After the war, he was impoverished, and his wife was blind. He sought and found help from the Black community, and years later the Providence Gazette commemorated the death of this “respectable man of color” at age 75.
Soldiers’ lives depended on their comrades in battle. But Mr. Fay will uncover the stories of women and others whose support was crucial to the Black Regiment’s success during the privations of war and its aftermath.
For centuries, Rhode Island sent its young men to sea. As agriculture and slavery slowly declined, hundreds left the rural towns, many of them formerly enslaved African American and Indigenous men. They sought out opportunities in shipping and whaling as cooks, first mates, oarsmen, and boatsteerers. They crossed the bay, the Atlantic, and the world in pursuit of a livelihood that had eluded them at home. What they found were South Sea islands, arctic icescapes, wondrous sea creatures, warring tribes, hardship, and occasionally, opportunities for stunning achievement.
Peter Fay is a public historian and board member of the Jamestown Historical Society. He researches, writes, and lectures about Rhode Island history. He also is currently helping develop a public memorial to recognize the role of Newport in the history of the slave trade.
In this third online event of the Newport Middle Passage Summer 2021 Series, the Newport Middle Passage Port Marker Project presents Dr. Akeia de Barros Gomes in an online event for the general public in collaboration with the Redwood Library and Atheneum of Newport on Wed., July 21, 2021, at 6 pm.
In this presentation, Dr. Akeia de Barros Gomes will discuss how the dynamics underlying the gendered/raced/sexual relationships created under colonialism manifest themselves today. She will also explore how the perspectives of different eras of Black feminism, human rights, and sexual health add to the conversation.

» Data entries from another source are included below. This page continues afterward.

(* The pullback pi_1^* : C[L^- GL_K] -> C[Rep(1,K)] (C-algebra morphism
   determined by the images of the variables). Its image lies in the
   GL_1-invariants C[Rep(1,K)]^{GL_1} = C[M(1,K)]. *)
Definition pi1_pullback (R : realType) (K : nat) (f : CLGL R K) : CRep R K :=
  mmap (fun c : Cplx R => c%:MP)
       (fun m : {cmonom (Tidx K)} =>
          \prod_(t <- finsupp m) pi1_img R t ^+ (m t)) f.

(* I_1 : the ideal of the scheme-theoretic image of pi_1, i.e. the kernel
   of pi_1^* : C[L^- GL_K] -> C[M(1,K)] (subset of C[Rep(1,K)]). *)
Definition I1 (R : realType) (K : nat) (f : CLGL R K) : Prop :=
  pi1_pullback f = 0.

Definition ideal_gen (A : comNzRingType) (P : A -> Prop) (f : A) : Prop :=
  exists s : seq (A * A), (forall p, p \in s -> P p.2) /\
                          f = \sum_(p <- s) p.1 * p.2.

Definition radical_ideal (A : comNzRingType) (I : A -> Prop) : Prop :=
  forall (f : A) (n : nat), I (f ^+ n) -> I f.

Definition I1'_gens (R : realType) (K : nat) (g : CLGL R K) : Prop :=
  (exists (m n k : nat) (a b c d : 'I_K),
      g = Tv R m a b * Tv R (n + k) c d - Tv R n a b * Tv R (m + k) c d)
  \/
  (exists (m n : nat) (a1 a2 b1 b2 : 'I_K),
      g = Tv R m a1 b1 * Tv R n a2 b2 - Tv R m a1 b2 * Tv R n a2 b1).

Definition I1' (R : realType) (K : nat) : CLGL R K -> Prop :=
  ideal_gen (@I1'_gens R K).

From HB Require Import structures.
From mathcomp Require Import all_boot all_order all_algebra.
From mathcomp Require Import finmap monalg complex reals.
From mathcomp Require Import ring.

(* The substitution B |-> 2B - psi psibar is a ring endomorphism of C[Rep(1,K)]
   sending Btilde/2 to B; composed with pi_1^* it gives the monomial map
   T^(n)_ab |-> psibar_a psi_b B^n, so ker pi_1^* lies in the kernel of that
   monomial map.  The kernel of a monomial map is spanned by the differences of
   monomials with equal images, and the image of a product of T's only records
   its total degree and the multisets of its row and column indices.  Two
   products with the same such data are congruent modulo I'_1: the first family
   of generators moves degree between two factors, so all the degree can be put
   on one factor, and the second family swaps column indices, so a prescribed
   factor T_ab can be brought to the front and cancelled.  Conversely pi_1^*
   kills both families of generators. *)

Set Implicit Arguments.
Unset Strict Implicit.
Unset Printing Implicit Defensive.

Import GRing.Theory Num.Theory.
Local Open Scope ring_scope.

Section IdealGen.
Variables (A : comNzRingType) (P : A -> Prop).
Local Notation J := (ideal_gen P).

Lemma ideal_gen0 : J 0.
Proof. by exists [::]; rewrite big_nil. Qed.

Lemma mem_ideal_gen x : P x -> J x.
Proof.
by move=> Px; exists [:: (1, x)]; rewrite big_seq1 mul1r; split=> // p /[!inE] /eqP->.
Qed.

Lemma ideal_genD x y : J x -> J y -> J (x + y).
Proof.
move=> [s [Ps ->]] [s' [Ps' ->]]; exists (s ++ s'); rewrite big_cat; split=> // p.
by rewrite mem_cat => /orP[/Ps|/Ps'].
Qed.

Lemma ideal_genMl r x : J x -> J (r * x).
Proof.
move=> [s [Ps ->]]; exists [seq (r * p.1, p.2) | p <- s]; split.
  by move=> _ /mapP[p ps ->]; exact: (Ps p ps).
by rewrite big_map mulr_sumr; apply: eq_bigr => p _; rewrite mulrA.
Qed.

Dr. Akeia de Barros Gomes is the Senior Curator of Maritime Social Histories at Mystic Seaport Museum and is a Visiting Scholar at the Center for the Study of Slavery and Justice at Brown University. She is responsible for working on curatorial projects of race, Indigenous histories, ethnicity, and diversity in New England’s Maritime activities. She leads a multi-disciplinary team to examine Mystic Seaport Museum’s and other regional collections to develop contemporary re-imaginings of people’s actions in the past and present and translating that into content relevant to today’s social environment. Akeia received her BA in anthropology/archaeology at Salve Regina University and her MA and PhD in anthropology/archaeology at the University of Connecticut.